====== Data extract

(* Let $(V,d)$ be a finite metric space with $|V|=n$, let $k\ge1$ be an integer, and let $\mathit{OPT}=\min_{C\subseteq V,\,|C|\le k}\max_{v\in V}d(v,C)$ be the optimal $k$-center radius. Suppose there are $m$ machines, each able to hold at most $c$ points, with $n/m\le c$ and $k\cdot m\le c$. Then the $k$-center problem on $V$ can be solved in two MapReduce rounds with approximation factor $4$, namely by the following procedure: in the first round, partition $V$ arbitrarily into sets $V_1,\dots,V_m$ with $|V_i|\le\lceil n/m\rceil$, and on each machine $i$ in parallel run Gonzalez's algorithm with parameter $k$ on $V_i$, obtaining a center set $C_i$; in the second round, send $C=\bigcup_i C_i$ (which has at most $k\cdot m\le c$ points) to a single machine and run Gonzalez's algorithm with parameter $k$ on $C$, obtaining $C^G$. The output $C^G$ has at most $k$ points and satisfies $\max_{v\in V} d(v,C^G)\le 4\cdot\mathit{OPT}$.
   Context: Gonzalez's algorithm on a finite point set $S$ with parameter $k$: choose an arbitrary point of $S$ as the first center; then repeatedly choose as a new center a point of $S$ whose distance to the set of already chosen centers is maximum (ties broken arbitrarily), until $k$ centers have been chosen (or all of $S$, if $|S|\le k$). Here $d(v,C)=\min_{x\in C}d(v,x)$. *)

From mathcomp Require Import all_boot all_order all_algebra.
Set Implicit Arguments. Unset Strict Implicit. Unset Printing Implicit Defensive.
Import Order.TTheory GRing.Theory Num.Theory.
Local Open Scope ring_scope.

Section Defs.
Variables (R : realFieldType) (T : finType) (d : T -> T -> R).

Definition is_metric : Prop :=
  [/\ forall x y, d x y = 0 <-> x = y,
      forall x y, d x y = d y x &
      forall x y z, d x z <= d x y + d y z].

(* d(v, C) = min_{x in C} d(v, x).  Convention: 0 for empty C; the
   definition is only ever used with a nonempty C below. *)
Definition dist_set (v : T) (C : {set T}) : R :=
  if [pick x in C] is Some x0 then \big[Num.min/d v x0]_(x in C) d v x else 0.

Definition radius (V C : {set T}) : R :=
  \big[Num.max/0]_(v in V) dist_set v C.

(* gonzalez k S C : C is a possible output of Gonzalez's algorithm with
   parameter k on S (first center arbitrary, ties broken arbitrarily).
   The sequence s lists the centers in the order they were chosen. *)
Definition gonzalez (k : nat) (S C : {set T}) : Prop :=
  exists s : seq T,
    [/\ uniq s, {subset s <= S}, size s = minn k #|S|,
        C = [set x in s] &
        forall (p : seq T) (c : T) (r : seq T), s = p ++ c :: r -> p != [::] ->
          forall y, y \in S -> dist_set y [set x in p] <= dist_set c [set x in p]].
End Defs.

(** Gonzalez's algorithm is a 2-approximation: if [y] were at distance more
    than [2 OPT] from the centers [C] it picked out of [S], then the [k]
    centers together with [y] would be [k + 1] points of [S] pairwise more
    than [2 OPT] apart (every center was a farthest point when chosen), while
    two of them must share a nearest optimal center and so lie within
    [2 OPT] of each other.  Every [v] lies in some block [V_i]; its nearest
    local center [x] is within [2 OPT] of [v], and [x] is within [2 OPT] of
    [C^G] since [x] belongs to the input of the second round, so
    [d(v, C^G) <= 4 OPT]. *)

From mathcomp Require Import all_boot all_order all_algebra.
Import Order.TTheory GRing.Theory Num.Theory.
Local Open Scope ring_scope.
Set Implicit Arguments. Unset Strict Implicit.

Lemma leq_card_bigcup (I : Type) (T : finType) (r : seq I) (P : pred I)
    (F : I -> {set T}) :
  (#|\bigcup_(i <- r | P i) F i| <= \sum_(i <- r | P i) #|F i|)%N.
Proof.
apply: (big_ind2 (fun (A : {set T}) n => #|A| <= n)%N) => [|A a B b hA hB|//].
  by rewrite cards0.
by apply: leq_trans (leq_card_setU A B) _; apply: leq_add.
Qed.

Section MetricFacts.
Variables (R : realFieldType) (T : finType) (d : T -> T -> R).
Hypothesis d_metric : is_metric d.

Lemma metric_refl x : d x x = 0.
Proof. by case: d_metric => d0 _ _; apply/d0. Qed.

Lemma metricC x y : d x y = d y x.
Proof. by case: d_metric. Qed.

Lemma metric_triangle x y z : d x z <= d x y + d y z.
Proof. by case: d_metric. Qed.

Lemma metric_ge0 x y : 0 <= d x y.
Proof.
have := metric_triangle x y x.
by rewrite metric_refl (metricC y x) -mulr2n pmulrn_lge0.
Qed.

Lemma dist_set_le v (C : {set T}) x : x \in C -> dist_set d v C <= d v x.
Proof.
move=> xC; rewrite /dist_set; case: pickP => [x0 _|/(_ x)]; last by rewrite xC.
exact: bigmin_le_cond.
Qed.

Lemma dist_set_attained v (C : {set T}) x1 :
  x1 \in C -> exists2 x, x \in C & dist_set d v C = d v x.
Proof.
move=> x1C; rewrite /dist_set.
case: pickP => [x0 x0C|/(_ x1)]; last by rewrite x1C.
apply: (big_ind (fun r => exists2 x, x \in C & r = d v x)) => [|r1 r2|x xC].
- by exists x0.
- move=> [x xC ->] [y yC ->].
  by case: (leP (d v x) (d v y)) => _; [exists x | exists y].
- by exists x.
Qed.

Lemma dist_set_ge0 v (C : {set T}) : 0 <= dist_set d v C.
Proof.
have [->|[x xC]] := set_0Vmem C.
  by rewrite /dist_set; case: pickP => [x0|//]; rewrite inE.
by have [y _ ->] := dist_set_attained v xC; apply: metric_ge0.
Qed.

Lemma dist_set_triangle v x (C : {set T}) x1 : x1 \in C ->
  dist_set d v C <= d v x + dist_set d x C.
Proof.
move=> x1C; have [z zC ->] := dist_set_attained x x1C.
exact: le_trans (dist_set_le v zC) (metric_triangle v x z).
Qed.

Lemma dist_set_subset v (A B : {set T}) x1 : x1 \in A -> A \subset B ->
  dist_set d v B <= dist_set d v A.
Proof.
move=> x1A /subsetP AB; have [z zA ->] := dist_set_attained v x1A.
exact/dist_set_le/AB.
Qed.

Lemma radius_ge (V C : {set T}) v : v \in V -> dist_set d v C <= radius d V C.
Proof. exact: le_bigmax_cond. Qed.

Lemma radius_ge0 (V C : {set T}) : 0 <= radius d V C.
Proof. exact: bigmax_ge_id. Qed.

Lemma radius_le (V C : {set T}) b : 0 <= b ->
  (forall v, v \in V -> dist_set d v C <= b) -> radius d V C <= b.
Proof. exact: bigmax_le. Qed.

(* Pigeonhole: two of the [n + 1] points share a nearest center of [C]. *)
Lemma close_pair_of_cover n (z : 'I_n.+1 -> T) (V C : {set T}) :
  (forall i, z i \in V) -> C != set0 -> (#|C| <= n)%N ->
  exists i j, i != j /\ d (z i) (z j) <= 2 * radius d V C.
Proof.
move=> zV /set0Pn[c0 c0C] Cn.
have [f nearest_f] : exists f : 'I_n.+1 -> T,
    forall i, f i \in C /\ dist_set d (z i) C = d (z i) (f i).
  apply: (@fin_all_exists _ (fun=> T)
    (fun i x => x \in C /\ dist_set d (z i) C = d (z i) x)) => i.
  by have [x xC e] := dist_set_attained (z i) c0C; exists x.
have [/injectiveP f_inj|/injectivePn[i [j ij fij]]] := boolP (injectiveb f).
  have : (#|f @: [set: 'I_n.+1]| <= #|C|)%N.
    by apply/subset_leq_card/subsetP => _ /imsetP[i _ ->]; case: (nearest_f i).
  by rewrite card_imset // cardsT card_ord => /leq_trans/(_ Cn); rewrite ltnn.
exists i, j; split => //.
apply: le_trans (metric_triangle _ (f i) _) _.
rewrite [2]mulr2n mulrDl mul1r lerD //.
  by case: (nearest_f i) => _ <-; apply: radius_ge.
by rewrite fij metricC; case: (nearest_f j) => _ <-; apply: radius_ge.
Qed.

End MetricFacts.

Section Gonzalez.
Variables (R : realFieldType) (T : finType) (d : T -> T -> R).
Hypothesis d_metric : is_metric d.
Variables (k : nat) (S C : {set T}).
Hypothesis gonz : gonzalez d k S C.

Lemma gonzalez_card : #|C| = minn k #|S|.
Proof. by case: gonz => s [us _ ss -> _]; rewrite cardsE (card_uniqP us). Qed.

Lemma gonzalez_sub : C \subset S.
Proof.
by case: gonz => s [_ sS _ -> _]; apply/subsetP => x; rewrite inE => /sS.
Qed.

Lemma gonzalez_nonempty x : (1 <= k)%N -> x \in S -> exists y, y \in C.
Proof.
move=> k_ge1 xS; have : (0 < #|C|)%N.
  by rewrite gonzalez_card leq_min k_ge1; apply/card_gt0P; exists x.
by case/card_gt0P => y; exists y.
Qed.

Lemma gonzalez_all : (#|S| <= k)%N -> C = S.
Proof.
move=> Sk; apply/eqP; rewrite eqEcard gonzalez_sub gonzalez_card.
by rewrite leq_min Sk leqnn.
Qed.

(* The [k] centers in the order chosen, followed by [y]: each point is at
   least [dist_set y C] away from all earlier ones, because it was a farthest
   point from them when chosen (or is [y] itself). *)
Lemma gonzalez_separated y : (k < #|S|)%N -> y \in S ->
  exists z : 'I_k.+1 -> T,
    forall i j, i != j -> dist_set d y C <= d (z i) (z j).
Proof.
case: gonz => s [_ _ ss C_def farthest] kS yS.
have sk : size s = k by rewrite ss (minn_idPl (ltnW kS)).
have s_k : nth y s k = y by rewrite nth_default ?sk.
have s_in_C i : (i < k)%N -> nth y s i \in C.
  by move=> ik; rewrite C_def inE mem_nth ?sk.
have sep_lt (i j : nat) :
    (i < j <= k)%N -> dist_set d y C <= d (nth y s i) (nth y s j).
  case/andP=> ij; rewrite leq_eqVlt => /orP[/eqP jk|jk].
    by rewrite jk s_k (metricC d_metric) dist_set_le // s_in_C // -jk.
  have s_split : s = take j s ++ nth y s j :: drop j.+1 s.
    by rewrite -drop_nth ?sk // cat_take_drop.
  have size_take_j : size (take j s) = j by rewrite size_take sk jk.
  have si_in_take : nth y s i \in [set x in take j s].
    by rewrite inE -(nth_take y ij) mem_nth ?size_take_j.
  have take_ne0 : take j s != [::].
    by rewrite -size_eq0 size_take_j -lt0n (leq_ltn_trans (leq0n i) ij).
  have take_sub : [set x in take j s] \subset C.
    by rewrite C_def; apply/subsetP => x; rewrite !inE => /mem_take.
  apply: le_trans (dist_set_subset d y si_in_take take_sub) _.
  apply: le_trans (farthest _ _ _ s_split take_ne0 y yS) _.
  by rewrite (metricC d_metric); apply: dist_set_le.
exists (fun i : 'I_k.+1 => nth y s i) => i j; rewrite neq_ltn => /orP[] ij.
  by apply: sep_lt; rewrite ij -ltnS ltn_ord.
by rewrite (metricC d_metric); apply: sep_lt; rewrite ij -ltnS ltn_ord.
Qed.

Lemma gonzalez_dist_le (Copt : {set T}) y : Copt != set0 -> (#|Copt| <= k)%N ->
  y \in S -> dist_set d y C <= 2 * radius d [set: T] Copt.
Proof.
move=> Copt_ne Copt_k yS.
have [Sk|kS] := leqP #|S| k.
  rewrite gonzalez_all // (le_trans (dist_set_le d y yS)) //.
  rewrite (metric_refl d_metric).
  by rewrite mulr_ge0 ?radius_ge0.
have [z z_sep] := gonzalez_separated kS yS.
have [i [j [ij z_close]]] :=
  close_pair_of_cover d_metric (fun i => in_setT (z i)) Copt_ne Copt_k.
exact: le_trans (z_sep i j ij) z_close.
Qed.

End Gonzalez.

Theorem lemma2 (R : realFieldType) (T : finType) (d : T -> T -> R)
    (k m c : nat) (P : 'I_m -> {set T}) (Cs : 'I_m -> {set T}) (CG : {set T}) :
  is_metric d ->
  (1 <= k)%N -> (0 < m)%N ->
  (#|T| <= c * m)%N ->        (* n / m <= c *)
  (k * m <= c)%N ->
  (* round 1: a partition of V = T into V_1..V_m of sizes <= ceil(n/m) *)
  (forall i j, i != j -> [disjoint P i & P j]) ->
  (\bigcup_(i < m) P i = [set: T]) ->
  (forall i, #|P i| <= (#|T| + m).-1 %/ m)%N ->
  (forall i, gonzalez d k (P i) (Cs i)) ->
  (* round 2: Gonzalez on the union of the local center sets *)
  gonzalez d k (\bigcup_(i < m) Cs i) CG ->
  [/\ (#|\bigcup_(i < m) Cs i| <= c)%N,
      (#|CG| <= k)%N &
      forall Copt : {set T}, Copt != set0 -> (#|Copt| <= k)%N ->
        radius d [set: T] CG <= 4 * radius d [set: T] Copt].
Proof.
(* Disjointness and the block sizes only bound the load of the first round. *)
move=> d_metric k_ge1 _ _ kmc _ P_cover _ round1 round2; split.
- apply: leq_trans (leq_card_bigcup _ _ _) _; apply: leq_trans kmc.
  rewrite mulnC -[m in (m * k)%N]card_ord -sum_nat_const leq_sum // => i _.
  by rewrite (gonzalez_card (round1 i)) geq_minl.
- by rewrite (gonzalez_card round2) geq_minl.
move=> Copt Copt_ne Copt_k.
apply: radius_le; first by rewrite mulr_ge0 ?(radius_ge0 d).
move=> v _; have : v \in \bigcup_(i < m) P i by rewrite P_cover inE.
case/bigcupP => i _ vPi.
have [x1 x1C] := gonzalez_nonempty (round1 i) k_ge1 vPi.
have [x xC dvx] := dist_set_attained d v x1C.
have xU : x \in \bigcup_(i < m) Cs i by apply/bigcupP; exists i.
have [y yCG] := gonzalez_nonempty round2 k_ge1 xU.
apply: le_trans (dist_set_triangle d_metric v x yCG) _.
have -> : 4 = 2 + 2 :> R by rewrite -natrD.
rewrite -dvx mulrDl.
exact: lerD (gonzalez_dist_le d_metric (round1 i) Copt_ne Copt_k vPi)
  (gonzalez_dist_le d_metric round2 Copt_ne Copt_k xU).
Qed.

============

# [What you have to do]
Which lines of the records above contain the word "when"? Report each one in full.

# [Expected output]
    than [2 OPT] apart (every center was a farthest point when chosen), while
   point from them when chosen (or is [y] itself). *)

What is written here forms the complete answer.